**What is needed**
Two lines mark the range in the entries below: the one holding "match k, l with" and the one holding "Lemma Gam_eq U". Set down those two and all lines between them, exactly.

(Beginning of Data supplied)

(* Coquelicot's [Schwarz] needs the mixed partials to be continuous at the point;
   smoothness gives this on a box inside [U]. *)
Lemma D1_D2_comm U g u v : open2 U -> smooth_on U g -> U u v -> D1 (D2 g) u v = D2 (D1 g) u v.
Proof.
  intros HU Hs Hu.
  destruct (HU u v Hu) as [r [Hr Hbox]].
  destruct (Derive_Derive_D1_D2 U g u v HU Hs Hu) as [E12 _].
  destruct (Derive_Derive_D2_D1 U g u v HU Hs Hu) as [E21 _].
  rewrite <- E12, <- E21. apply Schwarz.
  - exists (mkposreal r Hr). intros a b Ha Hb. simpl in *. specialize (Hbox a b Ha Hb).
    repeat split.
    + eexists. exact (smooth_is_derive_line U 0 g a b Hs Hbox).
    + eexists. exact (smooth_is_derive_line U 1 g a b Hs Hbox).
    + exact (proj2 (Derive_Derive_D1_D2 U g a b HU Hs Hbox)).
    + exact (proj2 (Derive_Derive_D2_D1 U g a b HU Hs Hbox)).
  - intros eps.
    destruct (smooth_D1 U _ (smooth_D2 U g Hs) O u v Hu eps (cond_pos eps)) as [d [Hd Hc]].
    exists (mkposreal (Rmin d r) (Rmin_pos _ _ Hd Hr)). intros a b Ha Hb. simpl in *.
    assert (Hab : U a b) by (apply Hbox; eapply Rlt_le_trans; eauto; apply Rmin_r).
    rewrite (proj1 (Derive_Derive_D1_D2 U g a b HU Hs Hab)), E12.
    apply Hc; eapply Rlt_le_trans; eauto; apply Rmin_l.
  - intros eps.
    destruct (smooth_D2 U _ (smooth_D1 U g Hs) O u v Hu eps (cond_pos eps)) as [d [Hd Hc]].
    exists (mkposreal (Rmin d r) (Rmin_pos _ _ Hd Hr)). intros a b Ha Hb. simpl in *.
    assert (Hab : U a b) by (apply Hbox; eapply Rlt_le_trans; eauto; apply Rmin_r).
    rewrite (proj1 (Derive_Derive_D2_D1 U g a b HU Hs Hab)), E21.
    apply Hc; eapply Rlt_le_trans; eauto; apply Rmin_l.
Qed.

Lemma D1_D2_D2_comm U g u v : open2 U -> smooth_on U g -> U u v ->
  D1 (D2 (D2 g)) u v = D2 (D2 (D1 g)) u v.
Proof.
  intros HU Hs Hu. rewrite (D1_D2_comm U (D2 g) u v HU (smooth_D2 U g Hs) Hu).
  apply (Dpart_ext U 1 (D1 (D2 g)) (D2 (D1 g)) u v HU Hu).
  - apply smooth_D2, smooth_D1; assumption.
  - intros x y Hxy. exact (D1_D2_comm U g x y HU Hs Hxy).
Qed.

Lemma dpart_comm U f i j x y : open2 U -> smooth_map_on U f -> U x y ->
  dpart (dpart f i) j x y = dpart (dpart f j) i x y.
Proof.
  intros HU [s0 [s1 [s2 s3]]] Hxy.
  destruct i as [|i], j as [|j]; try reflexivity; simpl; unfold VD1, VD2; simpl; f_equal;
    [symmetry|symmetry|symmetry|symmetry| | | | ]; apply (D1_D2_comm U); assumption.
Qed.

Lemma VD1_VD2_VD2_comm U f u v : open2 U -> smooth_map_on U f -> U u v ->
  VD1 (VD2 (VD2 f)) u v = VD2 (VD2 (VD1 f)) u v.
Proof.
  intros HU [s0 [s1 [s2 s3]]] Hu. unfold VD1, VD2; simpl; f_equal;
    apply (D1_D2_D2_comm U); assumption.
Qed.

Definition gram2 (a b : V4) : R := ip a a * ip b b - ip a b * ip a b.
Definition tang_proj (a b A : V4) : V4 :=
  vadd (vscal (ip b b / gram2 a b * ip A a + - ip a b / gram2 a b * ip A b) a)
       (vscal (- ip a b / gram2 a b * ip A a + ip a a / gram2 a b * ip A b) b).

Lemma tproj_eq f A u v : tproj f A u v = tang_proj (VD1 f u v) (VD2 f u v) A.
Proof. reflexivity. Qed.
Lemma nproj_eq f A u v : nproj f A u v = vsub A (tang_proj (VD1 f u v) (VD2 f u v) A).
Proof. reflexivity. Qed.

Lemma tang_proj_orth a b A : gram2 a b <> 0 ->
  ip a (vsub A (tang_proj a b A)) = 0 /\ ip b (vsub A (tang_proj a b A)) = 0.
Proof.
  intro Hd. unfold tang_proj. ip_expand.
  rewrite (ip_sym a A), (ip_sym b A), (ip_sym b a). unfold gram2 in *.
  split; field; exact Hd.
Qed.

Lemma nproj_orth f A k u v : detg f u v <> 0 -> ip (dpart f k u v) (nproj f A u v) = 0.
Proof.
  intro Hd. destruct (tang_proj_orth (VD1 f u v) (VD2 f u v) A Hd) as [h0 h1].
  destruct k; assumption.
Qed.

Lemma tv_eq f p u v : tv f p u v = vadd (vscal (fst p) (VD1 f u v)) (vscal (snd p) (VD2 f u v)).
Proof. reflexivity. Qed.

Lemma II_eq f p q u v : II f p q u v =
  vadd (vadd (vscal (fst p * fst q) (IIb f 0 0 u v)) (vscal (fst p * snd q) (IIb f 0 1 u v)))
       (vadd (vscal (snd p * fst q) (IIb f 1 0 u v)) (vscal (snd p * snd q) (IIb f 1 1 u v))).
Proof. reflexivity. Qed.

Lemma IIb_comm U f u v : open2 U -> smooth_map_on U f -> U u v -> IIb f 1 0 u v = IIb f 0 1 u v.
Proof. intros HU Hs Hu. unfold IIb. rewrite (dpart_comm U f 1 0 u v); auto. Qed.

Lemma ip_tv f p q u v : ip (tv f p u v) (tv f q u v) =
  fst p * fst q * ip (VD1 f u v) (VD1 f u v) + (fst p * snd q + snd p * fst q) * ip (VD1 f u v) (VD2 f u v)
  + snd p * snd q * ip (VD2 f u v) (VD2 f u v).
Proof. rewrite !tv_eq. ip_expand. rewrite (ip_sym (VD2 f u v) (VD1 f u v)). ring. Qed.

Lemma Ash_eq f xi p u v : IIb f 1 0 u v = IIb f 0 1 u v ->
  Ash f xi p u v =
  (ginv f 0 0 u v * (fst p * ip (IIb f 0 0 u v) xi + snd p * ip (IIb f 0 1 u v) xi)
   + ginv f 0 1 u v * (fst p * ip (IIb f 0 1 u v) xi + snd p * ip (IIb f 1 1 u v) xi),
   ginv f 1 0 u v * (fst p * ip (IIb f 0 0 u v) xi + snd p * ip (IIb f 0 1 u v) xi)
   + ginv f 1 1 u v * (fst p * ip (IIb f 0 1 u v) xi + snd p * ip (IIb f 1 1 u v) xi)).
Proof.
  intro E. unfold Ash, sum2. rewrite !II_eq. cbn [basis fst snd]. rewrite E. ip_expand.
  f_equal; ring.
Qed.

Definition gm_pderiv f j a b u v :=
  ip (dpart (dpart f a) j u v) (dpart f b u v) + ip (dpart f a u v) (dpart (dpart f b) j u v).

Lemma is_pderiv_gm U f j a b u v : smooth_map_on U f -> U u v ->
  is_pderiv j (gm f a b) u v (gm_pderiv f j a b u v).
Proof.
  intros Hs Hu. apply is_pderiv_ip; apply (smooth_is_vpderiv U); auto; apply smooth_dpart; auto.
Qed.

Definition detg_pderiv f j u v :=
  gm_pderiv f j 0 0 u v * gm f 1 1 u v + gm f 0 0 u v * gm_pderiv f j 1 1 u v
  - (gm_pderiv f j 0 1 u v * gm f 0 1 u v + gm f 0 1 u v * gm_pderiv f j 0 1 u v).

Definition ginv_pderiv f j k l u v :=
  match k, l with
  | O, O => (gm_pderiv f j 1 1 u v * detg f u v - detg_pderiv f j u v * gm f 1 1 u v) / (detg f u v)²
  | S _, S _ => (gm_pderiv f j 0 0 u v * detg f u v - detg_pderiv f j u v * gm f 0 0 u v) / (detg f u v)²
  | _, _ => (- gm_pderiv f j 0 1 u v * detg f u v - detg_pderiv f j u v * - gm f 0 1 u v) / (detg f u v)²
  end.

Lemma is_pderiv_ginv U f j k l u v : smooth_map_on U f -> U u v -> detg f u v <> 0 ->
  is_pderiv j (ginv f k l) u v (ginv_pderiv f j k l u v).
Proof.
  intros Hs Hu Hd.
  assert (Hdet : is_pderiv j (detg f) u v (detg_pderiv f j u v))
    by (apply is_pderiv_minus; apply is_pderiv_mult; apply (is_pderiv_gm U); auto).
  destruct k as [|k], l as [|l]; unfold ginv, ginv_pderiv; apply is_pderiv_div; auto;
    try apply is_pderiv_opp; apply (is_pderiv_gm U); auto.
Qed.

(** * Christoffel symbols and the Gauss equation *)

Lemma Gam_eq U f k i j x y : open2 U -> smooth_map_on U f -> U x y ->
  Gam f k i j x y = ginv f k 0 x y * ip (dpart (dpart f i) j x y) (dpart f 0 x y)
                  + ginv f k 1 x y * ip (dpart (dpart f i) j x y) (dpart f 1 x y).
Proof.
  intros HU Hs Hxy. unfold Gam, sum2.
  rewrite !(is_pderiv_Dpart _ _ _ _ _ (is_pderiv_gm U f _ _ _ x y Hs Hxy)). unfold gm_pderiv.
  rewrite (dpart_comm U f j i x y), (dpart_comm U f 0 i x y), (dpart_comm U f 0 j x y),
    (dpart_comm U f 1 i x y), (dpart_comm U f 1 j x y); auto.
  rewrite (ip_sym (dpart f j x y) (dpart (dpart f i) 0 x y)),
    (ip_sym (dpart f j x y) (dpart (dpart f i) 1 x y)).
  field.
Qed.

Lemma Dpart_Gam U f j k i i' u v : open2 U -> smooth_map_on U f -> U u v -> detg f u v <> 0 ->
  Dpart j (Gam f k i i') u v =
    ginv_pderiv f j k 0 u v * ip (dpart (dpart f i) i' u v) (dpart f 0 u v)
    + ginv f k 0 u v * (ip (dpart (dpart (dpart f i) i') j u v) (dpart f 0 u v)
                       + ip (dpart (dpart f i) i' u v) (dpart (dpart f 0) j u v))
  + (ginv_pderiv f j k 1 u v * ip (dpart (dpart f i) i' u v) (dpart f 1 u v)
    + ginv f k 1 u v * (ip (dpart (dpart (dpart f i) i') j u v) (dpart f 1 u v)
                       + ip (dpart (dpart f i) i' u v) (dpart (dpart f 1) j u v))).
Proof.
  intros HU Hs Hu Hd. apply is_pderiv_Dpart.
  apply (is_pderiv_ext U j _ (fun x y => ginv f k 0 x y * ip (dpart (dpart f i) i' x y) (dpart f 0 x y)
                  + ginv f k 1 x y * ip (dpart (dpart f i) i' x y) (dpart f 1 x y))); auto.
  { intros x y Hxy. apply (Gam_eq U); auto. }
  apply is_pderiv_plus; apply is_pderiv_mult; try (apply (is_pderiv_ginv U); auto);
    apply is_pderiv_ip; apply (smooth_is_vpderiv U); auto; repeat apply smooth_dpart; auto.
Qed.

(* Third derivatives cancel once [f_uvv = f_vvu] is used; what survives is the
   normal part of the second derivatives. *)
Lemma Riem1212_Gauss U f u v : open2 U -> smooth_map_on U f -> U u v -> detg f u v <> 0 ->
  Riem1212 f u v = ip (IIb f 0 0 u v) (IIb f 1 1 u v) - ip (IIb f 0 1 u v) (IIb f 0 1 u v).
Proof.
  intros HU Hs Hu Hd.
  unfold Riem1212, sum2.
  change (D1 (Gam f ?k 1 1) u v) with (Dpart 0 (Gam f k 1 1) u v).
  change (D2 (Gam f ?k 0 1) u v) with (Dpart 1 (Gam f k 0 1) u v).
  rewrite !(Dpart_Gam U f), !(Gam_eq U f _ _ _ u v); auto.
  unfold IIb. rewrite !nproj_eq.
  assert (E2 : VD1 (VD2 f) u v = VD2 (VD1 f) u v) by exact (dpart_comm U f 1 0 u v HU Hs Hu).
  assert (E3 := VD1_VD2_VD2_comm U f u v HU Hs Hu).
  unfold ginv_pderiv, ginv, detg_pderiv, gm_pderiv, detg, gm in *.
  cbv beta iota delta [dpart] in *.
  rewrite ?E2, ?E3.
  unfold tang_proj, gram2. ip_expand.
  set (a := VD1 f u v) in *. set (b := VD2 f u v) in *.
  set (A00 := VD1 (VD1 f) u v). set (A01 := VD2 (VD1 f) u v).
  set (A11 := VD2 (VD2 f) u v). set (A011 := VD2 (VD2 (VD1 f)) u v).
  ip_normalize (cons a (cons b (cons A00 (cons A01 (cons A11 (cons A011 nil)))))).
  unfold Rsqr. field. exact Hd.
Qed.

(End of Data supplied)

**Solution below**
  match k, l with
  | O, O => (gm_pderiv f j 1 1 u v * detg f u v - detg_pderiv f j u v * gm f 1 1 u v) / (detg f u v)²
  | S _, S _ => (gm_pderiv f j 0 0 u v * detg f u v - detg_pderiv f j u v * gm f 0 0 u v) / (detg f u v)²
  | _, _ => (- gm_pderiv f j 0 1 u v * detg f u v - detg_pderiv f j u v * - gm f 0 1 u v) / (detg f u v)²
  end.

Lemma is_pderiv_ginv U f j k l u v : smooth_map_on U f -> U u v -> detg f u v <> 0 ->
  is_pderiv j (ginv f k l) u v (ginv_pderiv f j k l u v).
Proof.
  intros Hs Hu Hd.
  assert (Hdet : is_pderiv j (detg f) u v (detg_pderiv f j u v))
    by (apply is_pderiv_minus; apply is_pderiv_mult; apply (is_pderiv_gm U); auto).
  destruct k as [|k], l as [|l]; unfold ginv, ginv_pderiv; apply is_pderiv_div; auto;
    try apply is_pderiv_opp; apply (is_pderiv_gm U); auto.
Qed.

(** * Christoffel symbols and the Gauss equation *)

Lemma Gam_eq U f k i j x y : open2 U -> smooth_map_on U f -> U x y ->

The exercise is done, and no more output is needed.